First find the line with "Definition maxrun (p" in the entries below, then set down exactly every line through the line with "Proof. by move=>", that line included.

──────────

Lemma sigma_seg0 j : sigma (seg 0 j) = seg 0 (pos j).
Proof.
have le_j : j <= size (sigma_pow j) by rewrite size_sigma_pow; have := ltn_tri_id j; lia.
have Esig : sigma_pow j.+1 = sigma (seg 0 j) ++ sigma (drop j (sigma_pow j)).
  by rewrite -(take_sigma_pow le_j) -sigma_cat cat_take_drop.
rewrite -[RHS](take_sigma_pow (k := j.+1)); last by rewrite Esig size_cat /pos leq_addr.
by rewrite Esig take_size_cat.
Qed.

Lemma seg0_posS j : seg 0 (pos j.+1) = seg 0 (pos j) ++ sigma_letter (T j).
Proof. by rewrite -!sigma_seg0 -addn1 segD sigma_cat seg1 sigma_seq1. Qed.

Lemma posS j : pos j.+1 = pos j + size (sigma_letter (T j)).
Proof. by rewrite -[pos j.+1](size_seg 0) seg0_posS size_cat size_seg. Qed.

Lemma T_posD j i : i < size (sigma_letter (T j)) ->
  T (pos j + i) = nth La (sigma_letter (T j)) i.
Proof.
move=> lt_i; have := congr1 (nth La ^~ (pos j + i)) (seg0_posS j).
by rewrite nth_seg ?posS ?ltn_add2l // nth_cat size_seg ltnNge leq_addr addKn.
Qed.

Definition next_letter (x : letter) : letter :=
  match x with La => Lb | Lb => Lc | Lc => La end.

Lemma next_letter_inj : injective next_letter.
Proof. by do 2!case. Qed.

Lemma posS_letter j : pos j.+1 = pos j + (if T j == Lc then 1 else 2).
Proof. by rewrite posS; case: (T j). Qed.

Lemma T_pos j : T (pos j) = La.
Proof. by rewrite -[pos j]addn0 T_posD //; case: (T j). Qed.

Lemma T_posS j : T (pos j).+1 = next_letter (T j).
Proof.
case E: (T j); last by have := T_pos j.+1; rewrite posS_letter E addn1.
all: by rewrite -addn1 T_posD ?E.
Qed.

Lemma T_pos_pred j : T (pos j.+1).-1 = next_letter (T j).
Proof.
rewrite posS_letter; case E: (T j) => /=; last by rewrite addn1 T_pos.
all: by rewrite addn2 -addn1 T_posD ?E.
Qed.

Lemma pos_ltS j : pos j < pos j.+1.
Proof. by rewrite posS_letter; case: ifP => _; lia. Qed.

Lemma leq_pos : {mono pos : j j' / j <= j'}.
Proof. exact: leq_mono (homo_ltn ltn_trans pos_ltS). Qed.

Lemma ltn_pos : {mono pos : j j' / j < j'}.
Proof. exact: leqW_mono leq_pos. Qed.

Lemma leq_pos_id j : j <= pos j.
Proof. by elim: j => // j IH; apply: leq_ltn_trans IH (pos_ltS j). Qed.

Lemma pos_cover i : exists j, pos j <= i < pos j.+1.
Proof.
elim: i => [|i [j /andP [le_ji lt_ij]]]; first by exists 0; exact: pos_ltS 0.
case: (ltnP i.+1 (pos j.+1)) => [lt_i|le_i]; first by exists j; rewrite lt_i ltnW.
by exists j.+1; rewrite le_i (leq_trans _ (pos_ltS j.+1)).
Qed.

Lemma pos_or_posS i : exists j, i = pos j \/ (i = (pos j).+1 /\ T j != Lc).
Proof.
have [j] := pos_cover i; rewrite posS_letter => cover_i; exists j.
move: cover_i; case: (T j == Lc) => /= cover_i; first by left; lia.
by have [->|ne_i] := eqVneq i (pos j); [left | right; split => //; lia].
Qed.

Lemma non_a_isolated i : T i != La -> [/\ 0 < i, T i.-1 = La & T i.+1 = La].
Proof.
move=> Ti; have [j [Ei|[-> not_c]]] := pos_or_posS i; first by rewrite Ei T_pos in Ti.
split => //; first by rewrite T_pos.
by have := T_pos j.+1; rewrite posS_letter (negbTE not_c) addn2.
Qed.

Lemma a_at_pos i : T i = La -> exists j, i = pos j.
Proof.
move=> Ti; have [j [->|[Ei not_c]]] := pos_or_posS i; first by exists j.
by move: Ti not_c; rewrite Ei T_posS; case: (T j).
Qed.

Lemma no_aaa i : T i = La -> T i.+1 = La -> T i.+2 = La -> False.
Proof.
move=> /a_at_pos [j ->]; rewrite T_posS; case Tj: (T j) => // _.
have [|_ _ Tj1] := @non_a_isolated j; first by rewrite Tj.
have posSj : pos j.+1 = (pos j).+1 by rewrite posS_letter Tj addn1.
by rewrite -posSj T_posS Tj1.
Qed.

Lemma pos_gap2 j : pos j + 3 <= pos j.+2.
Proof.
rewrite !posS_letter; case: eqP => [Tj|_]; last by case: ifP; lia.
have [|_ _ ->] := @non_a_isolated j; first by rewrite Tj.
by rewrite /=; lia.
Qed.

Lemma pos_gap j q : 1 < q -> pos j + q < pos (j + q).
Proof.
elim: q => [|[|[|q]] IH] // _; first by have := pos_gap2 j; rewrite [j + 2]addn2; lia.
by have := IH isT; have := pos_ltS (j + q.+2); rewrite !addnS; lia.
Qed.

Lemma sigma_seg u len : sigma (seg u len) = seg (pos u) (pos (u + len) - pos u).
Proof.
have := congr1 (drop (pos u)) (sigma_seg0 (u + len)); rewrite drop_seg add0n => <-.
by rewrite -{1}[u]add0n segD sigma_cat sigma_seg0 drop_size_cat ?size_seg.
Qed.

Lemma seg_pos u w : u <= w ->
  seg (pos u) ((pos w).+1 - pos u) = sigma (seg u (w - u)) ++ [:: La].
Proof.
move=> le_uw; have le_pos : pos u <= pos w by rewrite leq_pos.
by rewrite sigma_seg subnKC // subSn // -addn1 segD subnKC // seg1 T_pos.
Qed.

(** * Periods and maximal runs *)

Definition per (p s e : nat) := forall i, s <= i -> i + p < e -> T i = T (i + p).

Definition maxrun (p s e : nat) :=
  [/\ per p s e, 0 < s -> T s.-1 <> T (s.-1 + p) & T (e - p) <> T e].

Lemma per_sub p s e s' e' : per p s e -> s <= s' -> e' <= e -> per p s' e'.
Proof. by move=> per_p le_s le_e i le_i lt_i; apply: per_p; lia. Qed.

Lemma per_seg d y L : per d y (y + L + d) <-> seg y L = seg (y + d) L.
Proof.
split=> [per_d | eq_seg i le_i lt_i].
  apply: (@eq_from_nth _ La) => [|i]; rewrite !size_seg // => lt_i.
  by rewrite !nth_seg // addnAC; apply: per_d; lia.
have := congr1 (nth La ^~ (i - y)) eq_seg.
by rewrite !nth_seg; [rewrite addnAC subnKC | lia..].
Qed.

Lemma per_transfer d x y L : seg x L = seg y L -> per d y (y + L) -> per d x (x + L).
Proof.
move=> eq_xy per_y i le_xi lt_i.
have nthE j : j < L -> T (x + j) = T (y + j).
  by move=> lt_j; rewrite -(nth_seg x lt_j) -(nth_seg y lt_j) eq_xy.
rewrite -(subnKC le_xi) in lt_i *; move: (i - x) lt_i => j lt_j.
rewrite -addnA !nthE; try lia.
by rewrite addnA; apply: per_y; lia.
Qed.

Lemma maxrun_start_a p s e : maxrun p s e -> s + p < e -> T s = La.
Proof.
case=> per_p max_l _ lt_spe; apply/eqP/negPn/negP => Ts.
have [s_gt0 Tsm _] := non_a_isolated Ts.
have Tsp : T (s + p) != La by rewrite -per_p.
have [_ Tspm _] := non_a_isolated Tsp.
by apply: (max_l s_gt0); rewrite Tsm -Tspm; congr T; lia.
Qed.

Lemma maxrun_end_a p s e : maxrun p s e -> s + p < e -> T e.-1 = La.
Proof.
case=> per_p _ max_r lt_spe; apply/eqP/negPn/negP => Te.
have [_ _ Te1] := non_a_isolated Te.
have Tep : T (e.-1 - p) != La by rewrite (per_p (e.-1 - p)) ?subnK; lia.
have [_ _ Tep1] := non_a_isolated Tep.
have e_gt0 : 0 < e by lia.
by apply: max_r; rewrite -(prednK e_gt0) Te1 -Tep1; congr T; lia.
Qed.

(* A run of period p starting at the image position [pos u], whose shift [pos u + p]
   is the image position [pos (u + q)], is the sigma-image of a run of period q. *)
Section Desubstitution.

Variables p u w q : nat.
Hypotheses (per_p : per p (pos u) (pos w).+1) (pos_uq : pos (u + q) = pos u + p).

Let T_step j : u <= j -> pos (j + q) = pos j + p -> j + q < w -> T j = T (j + q).
Proof.
move=> le_uj pos_jq lt_jqw; apply: next_letter_inj; rewrite -!T_posS pos_jq -addSn.
by apply: per_p; [rewrite leqW ?leq_pos | rewrite addSn -pos_jq ltnS ltn_pos].
Qed.

Lemma pos_shift j : u <= j -> j + q <= w -> pos (j + q) = pos j + p.
Proof.
elim: j => [|j IH]; first by rewrite leqn0 => /eqP <-.
rewrite leq_eqVlt => /predU1P[<- // | le_uj lt_jqw].
have IHj := IH le_uj (ltnW lt_jqw).
by rewrite addSn !posS IHj -(T_step le_uj IHj lt_jqw) addnAC.
Qed.

Lemma pos_shiftB j : u + q <= j -> j <= w -> pos j = pos (j - q) + p.
Proof.
by move=> le_uqj le_jw; rewrite -(pos_shift (j := j - q)); [rewrite subnK | lia..]; lia.
Qed.

Lemma per_desubst : per q u w.
Proof.
move=> j le_uj lt_jqw; apply: T_step => //.
exact: pos_shift le_uj (ltnW lt_jqw).
Qed.

Lemma desubst_period_lt : 1 < p -> q < p.
Proof.
move=> p_gt1; case: (ltnP q 2) => [|q_gt1]; first by lia.
by have := pos_gap u q_gt1; rewrite pos_uq ltn_add2l.
Qed.

Lemma desubst_max_left :
  (0 < pos u -> T (pos u).-1 <> T ((pos u).-1 + p)) -> 0 < u -> T u.-1 <> T (u.-1 + q).
Proof.
move=> max_l u_gt0 eqT; have le_upos := leq_pos_id u.
apply: max_l; first exact: leq_trans le_upos.
have -> : (pos u).-1 + p = (pos (u.-1 + q).+1).-1 by rewrite -addSn prednK // pos_uq; lia.
by rewrite -{1}(prednK u_gt0) !T_pos_pred eqT.
Qed.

──────────

* **FINISHED EXERCISE**
Definition maxrun (p s e : nat) :=
  [/\ per p s e, 0 < s -> T s.-1 <> T (s.-1 + p) & T (e - p) <> T e].

Lemma per_sub p s e s' e' : per p s e -> s <= s' -> e' <= e -> per p s' e'.
Proof. by move=> per_p le_s le_e i le_i lt_i; apply: per_p; lia. Qed.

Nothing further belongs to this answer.